President Jonathan, then said he hoped his wife, Patience Jonathan, would not desert him for accepting defeat in the election, to which she replied “Nooooo” which evoked an applause from worshippers at the church.
He thanked Nigerians and Bayelsa residents for granting him the opportunity to serve in elective positions.
“When I look at the whole picture of my life up to when I became the President of this country. And I say that if soldiers and police officers that have not received 0. 5 per cent of the benefits that I have received from the state can lay their lives for this country, I should do anything in the interest of Nigeria including paying the supreme price. As long as I live, I will continue to do my best for the state because the state has helped me as a person.
“I have to thank Nigerians especially my state for giving me the opportunity to serve as deputy governor and the whole country gave me the opportunity to serve as Vice President and then President, first was to complete the tenure of the late President and later serve as President from which I am exiting now as a very happy and fulfilled man,” he said.
President Jonathan said he believed majority of Nigerians still support the actions he took while in office.
“We are happy the ordinary people appreciate what we did and that is most important,” he said. “It’s not what the elite or the privileged few talk or say about you but what the majority of the Nigerian public think about your actions and inactions that matter. We came to Abuja peacefully and we are returning peacefully. I thank the church and Nigerians because they stood by us at our most difficult times. Even for the election, we had people who supported us all over the country but things went the way they did because God wanted it that way for a purpose.”

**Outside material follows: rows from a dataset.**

(* With [I x = int_0^x exp(-u^2) du], the function
   [I x ^ 2 + int_0^1 exp(-x^2 (1+v^2)) / (1+v^2) dv] has zero derivative, and
   at [x = 0] it equals [atan 1 = PI/4]. Both terms are nonnegative, so
   [I x <= sqrt PI / 2]; bounding [1/(1+v^2) <= 1] in the second term gives
   [(sqrt PI/2 - I x)(sqrt PI/2 + I x) <= exp(-x^2) I x / x], whence the tail
   estimate [sqrt PI/2 - I x <= exp(-x^2)/(2x)]. After the substitution
   [u = t (mu - lam)], [f_t] is a difference of two values of [I / sqrt PI],
   and each case of the theorem reduces to this tail estimate. *)
From Stdlib Require Import Reals Lra.
From Coquelicot Require Import Coquelicot.
Open Scope R_scope.

Lemma is_derive_0_const (f : R -> R) :
  (forall x, is_derive f x 0) -> forall x, f x = f 0.
Proof.
  intros Hf x.
  assert (H : is_RInt (fun _ => 0) 0 x (minus (f x) (f 0))).
  { apply (is_RInt_derive (V:=R_CompleteNormedModule));
      intros; [apply Hf | apply continuous_const]. }
  apply (is_RInt_unique (V:=R_CompleteNormedModule)) in H.
  rewrite RInt_const in H.
  unfold minus, plus, opp, scal in H; simpl in H; unfold mult in H; simpl in H.
  lra.
Qed.

Lemma sqrt_PI_pos : 0 < sqrt PI.
Proof. apply sqrt_lt_R0, PI_RGT_0. Qed.

Lemma sqr_half_sqrt_PI : (sqrt PI / 2) ^ 2 = PI / 4.
Proof.
  unfold Rdiv; rewrite Rpow_mult_distr, pow2_sqrt by (left; apply PI_RGT_0); field.
Qed.

Lemma one_plus_sqr_pos (v : R) : 0 < 1 + v ^ 2.
Proof. nra. Qed.

Definition gauss (u : R) : R := exp (- u ^ 2).

Definition gauss_int (x : R) : R := RInt gauss 0 x.

Lemma gauss_pos (u : R) : 0 < gauss u.
Proof. apply exp_pos. Qed.

Lemma continuous_gauss (u : R) : continuous gauss u.
Proof.
  apply (ex_derive_continuous (K:=R_AbsRing) (V:=R_NormedModule)).
  unfold gauss; auto_derive; auto.
Qed.

Lemma ex_RInt_gauss_lin (u v a b : R) :
  ex_RInt (fun y => u * gauss (u * y + v)) a b.
Proof.
  apply (ex_RInt_continuous (V:=R_CompleteNormedModule)); intros.
  apply (ex_derive_continuous (K:=R_AbsRing) (V:=R_NormedModule)).
  unfold gauss; auto_derive; auto.
Qed.

Lemma ex_RInt_gauss (a b : R) : ex_RInt gauss a b.
Proof.
  apply (ex_RInt_continuous (V:=R_CompleteNormedModule)).
  intros; apply continuous_gauss.
Qed.

Lemma is_derive_gauss_int (x : R) : is_derive gauss_int x (gauss x).
Proof.
  apply is_derive_RInt with (a := 0).
  - apply filter_forall; intros.
    apply (RInt_correct (V:=R_CompleteNormedModule)), ex_RInt_gauss.
  - apply continuous_gauss.
Qed.

Lemma RInt_gauss (p q : R) : RInt gauss p q = gauss_int q - gauss_int p.
Proof.
  unfold gauss_int.
  rewrite <- (RInt_Chasles (V:=R_CompleteNormedModule) gauss p 0 q)
    by apply ex_RInt_gauss.
  rewrite <- (opp_RInt_swap (V:=R_CompleteNormedModule)) by apply ex_RInt_gauss.
  unfold plus, opp; simpl; ring.
Qed.

Lemma RInt_gauss_lin (u v a b : R) :
  RInt (fun y => u * gauss (u * y + v)) a b
  = gauss_int (u * b + v) - gauss_int (u * a + v).
Proof.
  rewrite <- RInt_gauss.
  exact (RInt_comp_lin gauss u v a b (ex_RInt_gauss _ _)).
Qed.

Lemma gauss_int_0 : gauss_int 0 = 0.
Proof. unfold gauss_int; rewrite RInt_point; reflexivity. Qed.

Lemma RInt_gauss_scale (x : R) :
  RInt (fun v => x * gauss (x * v + 0)) 0 1 = gauss_int x.
Proof.
  rewrite RInt_gauss_lin.
  replace (x * 1 + 0) with x by ring.
  replace (x * 0 + 0) with 0 by ring.
  rewrite gauss_int_0, Rminus_0_r; reflexivity.
Qed.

“We will continue to pray for the peace of the country and for the success of the incoming administration. When the country is in good shape, people benefit. When things are going well, people are happy. You don’t need to know Mr. President or Mr. Governor. The issue is not about Jonathan or Buhari or any other person. The issue is how the government functions. Stability, buoyant economy that will enable Nigeria to move forward and live happily is all I am interested in. That is our interest, that is my prayer point. All religious groups should pray for the country.”
Speaking earlier, former Minister of Information, Jerry Gana described Mr. Jonathan as man who is “favoured by God” in many ways.
“We thank God for what He has done for Nigeria through the man. Despite the big positions he occupied in the country, he has remained humble and he has succeeded in deepening democracy in the country. He revived the rail system of transportation. He brought back hope to Nigeria and to cap it all he conceded defeat to his opponent in a heroic manner,” the former minister said.
The Minister of Power, Chinedu Nebo, also praised the president while reeling out some of his achievements in office.
“He is humane, gentle and unassuming. He has transformed Nigeria. He is not vindictive. He loved the youth. He empowered, mentored and motivated youth and women. He is a listening leader. He listens to everyone in Council before making judgement. He fixed the electoral process and brought credibility into it. He is Nigeria’s greatest leader,” Mr. Nebo said.